## SUPPLIED MATERIAL
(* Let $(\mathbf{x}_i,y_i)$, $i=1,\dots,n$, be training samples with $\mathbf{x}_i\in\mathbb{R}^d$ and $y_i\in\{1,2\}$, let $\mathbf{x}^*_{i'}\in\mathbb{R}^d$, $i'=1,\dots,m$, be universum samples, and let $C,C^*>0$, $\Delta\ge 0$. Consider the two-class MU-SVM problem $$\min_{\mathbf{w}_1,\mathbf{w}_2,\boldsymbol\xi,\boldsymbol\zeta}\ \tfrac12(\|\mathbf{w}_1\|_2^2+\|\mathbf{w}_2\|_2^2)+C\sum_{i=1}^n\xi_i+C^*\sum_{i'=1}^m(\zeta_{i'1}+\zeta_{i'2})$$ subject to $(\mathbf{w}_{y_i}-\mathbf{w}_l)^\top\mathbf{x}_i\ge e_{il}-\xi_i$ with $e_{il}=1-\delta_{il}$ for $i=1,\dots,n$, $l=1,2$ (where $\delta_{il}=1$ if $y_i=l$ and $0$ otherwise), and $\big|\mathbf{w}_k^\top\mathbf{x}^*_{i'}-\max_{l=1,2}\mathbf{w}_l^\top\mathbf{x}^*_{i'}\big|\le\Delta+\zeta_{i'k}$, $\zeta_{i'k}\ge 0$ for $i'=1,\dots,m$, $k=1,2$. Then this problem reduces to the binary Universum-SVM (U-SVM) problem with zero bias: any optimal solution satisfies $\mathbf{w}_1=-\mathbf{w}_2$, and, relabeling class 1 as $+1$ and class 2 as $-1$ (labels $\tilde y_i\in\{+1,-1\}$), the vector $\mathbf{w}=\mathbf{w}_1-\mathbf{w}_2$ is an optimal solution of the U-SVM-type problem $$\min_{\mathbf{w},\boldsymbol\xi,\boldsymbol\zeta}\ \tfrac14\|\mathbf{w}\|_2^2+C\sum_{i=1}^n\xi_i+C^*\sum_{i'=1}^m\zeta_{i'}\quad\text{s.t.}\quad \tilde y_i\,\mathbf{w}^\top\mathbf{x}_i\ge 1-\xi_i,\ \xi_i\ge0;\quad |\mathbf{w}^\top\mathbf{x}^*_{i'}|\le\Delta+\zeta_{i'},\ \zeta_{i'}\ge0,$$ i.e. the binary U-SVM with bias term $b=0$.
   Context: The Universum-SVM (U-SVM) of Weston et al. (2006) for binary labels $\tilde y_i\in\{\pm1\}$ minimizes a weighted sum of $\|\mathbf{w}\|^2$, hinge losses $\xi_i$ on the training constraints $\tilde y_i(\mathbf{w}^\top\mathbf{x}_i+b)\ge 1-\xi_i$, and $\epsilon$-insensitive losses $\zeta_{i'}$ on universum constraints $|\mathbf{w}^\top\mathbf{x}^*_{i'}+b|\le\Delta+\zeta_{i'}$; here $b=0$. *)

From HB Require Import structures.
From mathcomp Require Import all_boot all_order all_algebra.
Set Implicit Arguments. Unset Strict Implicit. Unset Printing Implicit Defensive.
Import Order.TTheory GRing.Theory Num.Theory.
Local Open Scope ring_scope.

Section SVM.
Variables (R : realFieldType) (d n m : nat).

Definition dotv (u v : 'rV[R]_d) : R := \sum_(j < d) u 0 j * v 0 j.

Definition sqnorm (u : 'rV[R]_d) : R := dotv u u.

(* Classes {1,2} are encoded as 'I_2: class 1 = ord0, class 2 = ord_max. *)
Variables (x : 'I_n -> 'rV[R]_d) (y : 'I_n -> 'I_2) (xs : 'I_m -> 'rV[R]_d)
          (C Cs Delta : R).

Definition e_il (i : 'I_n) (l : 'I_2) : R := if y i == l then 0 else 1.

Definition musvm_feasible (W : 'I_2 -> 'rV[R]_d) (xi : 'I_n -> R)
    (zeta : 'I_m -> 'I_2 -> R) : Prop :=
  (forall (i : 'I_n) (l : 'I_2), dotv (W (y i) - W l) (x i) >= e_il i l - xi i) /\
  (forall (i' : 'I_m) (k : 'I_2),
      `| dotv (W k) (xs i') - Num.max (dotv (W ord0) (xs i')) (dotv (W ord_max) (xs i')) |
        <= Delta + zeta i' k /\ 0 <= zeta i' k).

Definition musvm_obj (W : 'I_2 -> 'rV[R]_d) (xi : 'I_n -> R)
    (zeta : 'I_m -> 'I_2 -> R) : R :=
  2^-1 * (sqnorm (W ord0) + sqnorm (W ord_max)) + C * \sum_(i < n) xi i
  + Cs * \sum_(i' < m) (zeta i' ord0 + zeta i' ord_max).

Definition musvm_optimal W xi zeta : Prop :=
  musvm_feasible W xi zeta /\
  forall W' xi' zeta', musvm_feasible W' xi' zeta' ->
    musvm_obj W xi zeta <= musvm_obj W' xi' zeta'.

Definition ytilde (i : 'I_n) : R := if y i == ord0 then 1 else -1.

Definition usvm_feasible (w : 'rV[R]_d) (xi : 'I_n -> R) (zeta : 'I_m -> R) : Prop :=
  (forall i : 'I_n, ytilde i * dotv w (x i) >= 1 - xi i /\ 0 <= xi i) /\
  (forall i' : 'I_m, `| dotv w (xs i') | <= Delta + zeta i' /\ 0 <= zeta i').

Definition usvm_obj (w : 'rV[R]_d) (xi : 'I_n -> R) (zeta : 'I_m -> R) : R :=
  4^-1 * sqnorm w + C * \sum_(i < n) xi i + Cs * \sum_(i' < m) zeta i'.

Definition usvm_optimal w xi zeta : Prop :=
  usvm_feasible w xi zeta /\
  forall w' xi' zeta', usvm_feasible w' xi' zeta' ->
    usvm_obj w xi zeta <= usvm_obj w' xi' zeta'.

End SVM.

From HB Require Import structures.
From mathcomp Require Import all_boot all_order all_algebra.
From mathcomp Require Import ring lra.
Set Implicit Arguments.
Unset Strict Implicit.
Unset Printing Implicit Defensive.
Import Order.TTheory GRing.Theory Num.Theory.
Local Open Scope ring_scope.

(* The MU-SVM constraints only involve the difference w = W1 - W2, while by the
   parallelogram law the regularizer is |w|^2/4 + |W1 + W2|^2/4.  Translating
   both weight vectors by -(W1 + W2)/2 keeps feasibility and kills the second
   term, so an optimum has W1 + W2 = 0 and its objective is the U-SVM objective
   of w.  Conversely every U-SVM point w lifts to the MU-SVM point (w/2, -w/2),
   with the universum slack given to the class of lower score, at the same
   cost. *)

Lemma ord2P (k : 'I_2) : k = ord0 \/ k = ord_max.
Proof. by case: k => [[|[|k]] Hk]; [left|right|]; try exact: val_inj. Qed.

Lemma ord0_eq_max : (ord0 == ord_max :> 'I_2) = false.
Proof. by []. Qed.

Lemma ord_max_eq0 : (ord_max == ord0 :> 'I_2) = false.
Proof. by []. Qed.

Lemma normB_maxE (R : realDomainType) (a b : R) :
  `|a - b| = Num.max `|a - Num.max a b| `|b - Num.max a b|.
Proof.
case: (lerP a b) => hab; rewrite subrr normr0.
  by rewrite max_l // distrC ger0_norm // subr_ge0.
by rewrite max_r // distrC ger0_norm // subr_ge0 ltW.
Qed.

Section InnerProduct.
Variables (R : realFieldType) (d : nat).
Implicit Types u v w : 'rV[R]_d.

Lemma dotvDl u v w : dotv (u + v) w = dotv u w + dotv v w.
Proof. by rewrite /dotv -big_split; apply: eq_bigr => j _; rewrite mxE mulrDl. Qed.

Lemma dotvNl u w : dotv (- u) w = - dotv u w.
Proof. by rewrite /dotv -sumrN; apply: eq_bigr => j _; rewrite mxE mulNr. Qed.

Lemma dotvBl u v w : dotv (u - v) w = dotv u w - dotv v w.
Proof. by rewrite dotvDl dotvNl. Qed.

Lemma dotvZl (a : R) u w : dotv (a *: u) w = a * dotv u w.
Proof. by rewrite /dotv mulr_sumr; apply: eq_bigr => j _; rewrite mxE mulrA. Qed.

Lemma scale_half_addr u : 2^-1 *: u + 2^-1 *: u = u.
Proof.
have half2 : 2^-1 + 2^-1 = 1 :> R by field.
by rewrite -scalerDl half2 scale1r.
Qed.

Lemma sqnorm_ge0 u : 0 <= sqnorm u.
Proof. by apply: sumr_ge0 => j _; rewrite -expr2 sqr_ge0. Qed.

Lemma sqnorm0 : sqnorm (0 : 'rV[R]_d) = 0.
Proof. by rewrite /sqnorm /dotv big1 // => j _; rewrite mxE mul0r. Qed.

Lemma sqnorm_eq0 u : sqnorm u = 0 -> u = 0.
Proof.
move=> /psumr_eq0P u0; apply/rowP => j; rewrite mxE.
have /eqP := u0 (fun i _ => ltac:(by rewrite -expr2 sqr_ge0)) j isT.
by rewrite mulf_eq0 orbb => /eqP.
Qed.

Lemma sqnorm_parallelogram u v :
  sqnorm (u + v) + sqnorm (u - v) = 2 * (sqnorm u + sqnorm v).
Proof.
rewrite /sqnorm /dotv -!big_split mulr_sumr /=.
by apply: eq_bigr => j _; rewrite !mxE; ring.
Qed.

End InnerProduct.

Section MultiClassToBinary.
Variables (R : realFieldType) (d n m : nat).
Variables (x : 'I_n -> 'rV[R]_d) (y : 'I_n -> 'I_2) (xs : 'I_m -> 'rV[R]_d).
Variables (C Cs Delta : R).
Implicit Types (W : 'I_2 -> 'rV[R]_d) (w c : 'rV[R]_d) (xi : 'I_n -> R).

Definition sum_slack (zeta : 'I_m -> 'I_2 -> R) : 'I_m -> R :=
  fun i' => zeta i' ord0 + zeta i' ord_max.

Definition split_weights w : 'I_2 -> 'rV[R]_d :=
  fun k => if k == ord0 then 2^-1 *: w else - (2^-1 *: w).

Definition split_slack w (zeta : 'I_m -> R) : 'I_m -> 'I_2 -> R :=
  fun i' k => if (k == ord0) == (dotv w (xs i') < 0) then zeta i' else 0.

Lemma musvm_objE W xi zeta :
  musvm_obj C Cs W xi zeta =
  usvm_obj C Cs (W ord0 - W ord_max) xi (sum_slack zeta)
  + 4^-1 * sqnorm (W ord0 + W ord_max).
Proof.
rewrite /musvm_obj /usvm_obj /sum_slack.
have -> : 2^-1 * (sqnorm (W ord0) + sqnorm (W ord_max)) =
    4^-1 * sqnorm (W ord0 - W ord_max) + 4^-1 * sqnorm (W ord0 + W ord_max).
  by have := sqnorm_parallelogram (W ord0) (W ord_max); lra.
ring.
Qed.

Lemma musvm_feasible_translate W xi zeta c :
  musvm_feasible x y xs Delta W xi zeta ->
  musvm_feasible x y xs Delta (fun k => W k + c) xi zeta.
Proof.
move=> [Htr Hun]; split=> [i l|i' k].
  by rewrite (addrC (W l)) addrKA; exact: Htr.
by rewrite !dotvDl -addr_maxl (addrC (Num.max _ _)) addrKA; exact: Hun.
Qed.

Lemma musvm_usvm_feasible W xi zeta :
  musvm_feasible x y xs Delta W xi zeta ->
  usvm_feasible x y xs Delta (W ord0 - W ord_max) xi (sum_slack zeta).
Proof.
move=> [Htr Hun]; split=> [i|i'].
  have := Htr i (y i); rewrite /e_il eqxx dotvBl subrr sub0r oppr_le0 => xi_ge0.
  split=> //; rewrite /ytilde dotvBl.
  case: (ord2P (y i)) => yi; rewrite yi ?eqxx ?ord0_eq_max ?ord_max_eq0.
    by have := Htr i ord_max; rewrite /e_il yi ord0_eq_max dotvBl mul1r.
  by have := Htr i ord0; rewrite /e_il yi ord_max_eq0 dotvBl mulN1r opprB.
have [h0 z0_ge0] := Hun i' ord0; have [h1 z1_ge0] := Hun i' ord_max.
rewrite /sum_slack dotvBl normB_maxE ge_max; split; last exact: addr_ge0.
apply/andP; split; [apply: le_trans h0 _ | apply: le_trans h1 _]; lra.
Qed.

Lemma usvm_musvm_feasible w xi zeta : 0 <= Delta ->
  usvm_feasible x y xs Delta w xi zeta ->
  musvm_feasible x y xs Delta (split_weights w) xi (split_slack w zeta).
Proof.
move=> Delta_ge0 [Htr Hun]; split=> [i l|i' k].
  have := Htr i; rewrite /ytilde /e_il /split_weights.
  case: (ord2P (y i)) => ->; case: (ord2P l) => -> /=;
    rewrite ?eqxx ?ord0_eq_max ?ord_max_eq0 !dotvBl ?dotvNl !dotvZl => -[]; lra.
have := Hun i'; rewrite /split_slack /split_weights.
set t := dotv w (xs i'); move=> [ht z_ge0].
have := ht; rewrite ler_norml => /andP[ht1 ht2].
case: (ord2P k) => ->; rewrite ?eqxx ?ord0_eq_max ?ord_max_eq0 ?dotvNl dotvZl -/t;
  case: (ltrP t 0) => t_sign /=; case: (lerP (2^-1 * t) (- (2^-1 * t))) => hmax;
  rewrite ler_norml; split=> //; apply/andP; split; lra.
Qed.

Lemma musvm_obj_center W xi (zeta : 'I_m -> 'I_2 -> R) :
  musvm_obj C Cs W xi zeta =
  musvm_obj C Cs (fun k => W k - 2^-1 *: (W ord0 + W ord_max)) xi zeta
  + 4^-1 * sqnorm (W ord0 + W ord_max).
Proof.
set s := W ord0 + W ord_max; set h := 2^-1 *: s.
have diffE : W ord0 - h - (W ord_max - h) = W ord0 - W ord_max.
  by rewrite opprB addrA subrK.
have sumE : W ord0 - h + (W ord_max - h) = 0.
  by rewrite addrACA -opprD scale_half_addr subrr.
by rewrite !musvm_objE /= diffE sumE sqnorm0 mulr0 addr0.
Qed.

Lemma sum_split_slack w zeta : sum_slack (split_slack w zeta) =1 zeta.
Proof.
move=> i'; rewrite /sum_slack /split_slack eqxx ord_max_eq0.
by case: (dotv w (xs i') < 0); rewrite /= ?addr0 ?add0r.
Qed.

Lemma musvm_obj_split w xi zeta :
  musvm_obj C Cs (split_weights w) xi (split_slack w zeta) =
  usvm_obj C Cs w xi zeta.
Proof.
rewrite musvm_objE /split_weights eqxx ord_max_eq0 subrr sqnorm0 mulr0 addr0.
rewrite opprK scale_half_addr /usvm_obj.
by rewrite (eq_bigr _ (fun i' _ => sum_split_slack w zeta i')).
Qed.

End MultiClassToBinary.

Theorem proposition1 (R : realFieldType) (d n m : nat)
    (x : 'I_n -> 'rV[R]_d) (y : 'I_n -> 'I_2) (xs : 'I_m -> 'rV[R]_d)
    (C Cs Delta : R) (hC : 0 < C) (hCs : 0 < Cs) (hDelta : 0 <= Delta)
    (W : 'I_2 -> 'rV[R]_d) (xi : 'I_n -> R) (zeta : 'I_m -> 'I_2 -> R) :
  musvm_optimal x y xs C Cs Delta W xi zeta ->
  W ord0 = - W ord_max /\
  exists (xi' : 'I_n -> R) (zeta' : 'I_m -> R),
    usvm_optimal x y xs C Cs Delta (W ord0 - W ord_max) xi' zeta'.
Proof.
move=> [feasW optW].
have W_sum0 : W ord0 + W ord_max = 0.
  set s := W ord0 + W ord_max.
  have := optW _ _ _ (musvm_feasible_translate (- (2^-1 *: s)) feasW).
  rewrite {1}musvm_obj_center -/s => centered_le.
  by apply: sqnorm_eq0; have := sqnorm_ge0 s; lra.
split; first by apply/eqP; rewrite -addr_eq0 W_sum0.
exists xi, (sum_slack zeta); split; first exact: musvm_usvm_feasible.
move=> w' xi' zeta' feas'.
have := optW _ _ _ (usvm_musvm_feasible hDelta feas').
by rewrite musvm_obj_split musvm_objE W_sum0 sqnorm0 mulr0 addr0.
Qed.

## ABOUT THIS TASK
What is asked for is an exact copy of the lines above from the one containing "usvm_feasible x y xs Delta (W" through the one containing "split=> //; rewrite /ytilde dotvBl.", and only those.

## REPLY
  usvm_feasible x y xs Delta (W ord0 - W ord_max) xi (sum_slack zeta).
Proof.
move=> [Htr Hun]; split=> [i|i'].
  have := Htr i (y i); rewrite /e_il eqxx dotvBl subrr sub0r oppr_le0 => xi_ge0.
  split=> //; rewrite /ytilde dotvBl.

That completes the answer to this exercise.